» Exercise: When the line containing "Let cojoin a" is reached, include it and end there; set down verbatim every line before it, starting at the top of the records.

» Provided material:
Lemma prime_upset_meet_njoin F y x s :
  prime_upset F -> F (y `&` njoin x s) -> exists2 z, z \in x :: s & F (y `&` z).
Proof.
move=> pF; rewrite meet_njoin => /(prime_upset_njoin pF) [w wm Fw].
have /mapP [z zs wz] : w \in [seq y `&` z | z <- x :: s] by [].
by exists z; rewrite -?wz.
Qed.

(* In a prime n-filter, at most n elements can have pairwise meets outside F:
   for n + 1 such elements a_i, the joins c_j of all a_i with i <> j lie in F,
   any n of them lie above a common a_i, so their meet M lies in F; but then
   primality applied twice to M <= c_j yields i <> j with a_i /\ a_j in F. *)
Section CoJoin.
Variables (F : L -> Prop) (s : seq L).
Hypotheses (pF : prime_upset F) (dF : disjoint_family F s) (s_gt1 : (1 < size s)%N).

Let cojoin a := njoin (head a (rem a s)) (rem a s).

Let cojoin_support a : a \in s -> {subset head a (rem a s) :: rem a s <= rem a s}.
Proof.
move=> as_ z; rewrite inE => /predU1P [->|//]; move: (size_rem as_).
by case: (rem a s) => [|b t] /=; [case: (size s) s_gt1 => [|[]]|rewrite mem_head].
Qed.

Let mem_rem_disjoint a b : b \in rem a s -> b \in s /\ b != a.
Proof. by case: dF => us _ _; rewrite mem_rem_uniq // inE => /andP []. Qed.

Lemma cojoinF a : a \in s -> F (cojoin a).
Proof.
case: dF pF => _ Fs _ [upF _] as_; have bs := mem_rem (cojoin_support as_ (mem_head _ _)).
by apply: upF (Fs _ bs) _; apply/njoin_ub/mem_head.
Qed.

Lemma cojoin_split a y :
  a \in s -> F (y `&` cojoin a) -> exists2 b, b \in s & b != a /\ F (y `&` b).
Proof.
move=> as_ /(prime_upset_meet_njoin pF) [b /(cojoin_support as_) /mem_rem_disjoint].
by case=> bs ba Fb; exists b.
Qed.

Lemma le_cojoin a b : b \in s -> b != a -> b <= cojoin a.
Proof.
case: dF => us _ _ bs ba; apply: njoin_ub.
by rewrite inE mem_rem_uniq // inE ba bs orbT.
Qed.

Lemma cojoin_lb_notF y : {in s, forall a, y <= cojoin a} -> ~ F y.
Proof.
case: dF pF => _ _ dj [upF _] ylb Fy.
have a0s : head y s \in s by case: (s) s_gt1 => // ? ?; rewrite mem_head.
have [a1 a1s [_ F1]] : exists2 a1, a1 \in s & a1 != head y s /\ F (y `&` a1).
  by apply: (cojoin_split a0s); rewrite (meet_idPl (ylb _ a0s)).
have [a2 a2s [a21 F2]] : exists2 a2, a2 \in s & a2 != a1 /\ F (y `&` a1 `&` a2).
  by apply: (cojoin_split a1s); rewrite (meet_idPl _) // (le_trans (leIl _ _) (ylb _ a1s)).
apply: (dj a2 a1) => //; apply: upF F2 _.
by rewrite meetC leI2 // leIr.
Qed.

» Solution:
Lemma prime_upset_meet_njoin F y x s :
  prime_upset F -> F (y `&` njoin x s) -> exists2 z, z \in x :: s & F (y `&` z).
Proof.
move=> pF; rewrite meet_njoin => /(prime_upset_njoin pF) [w wm Fw].
have /mapP [z zs wz] : w \in [seq y `&` z | z <- x :: s] by [].
by exists z; rewrite -?wz.
Qed.

(* In a prime n-filter, at most n elements can have pairwise meets outside F:
   for n + 1 such elements a_i, the joins c_j of all a_i with i <> j lie in F,
   any n of them lie above a common a_i, so their meet M lies in F; but then
   primality applied twice to M <= c_j yields i <> j with a_i /\ a_j in F. *)
Section CoJoin.
Variables (F : L -> Prop) (s : seq L).
Hypotheses (pF : prime_upset F) (dF : disjoint_family F s) (s_gt1 : (1 < size s)%N).

Let cojoin a := njoin (head a (rem a s)) (rem a s).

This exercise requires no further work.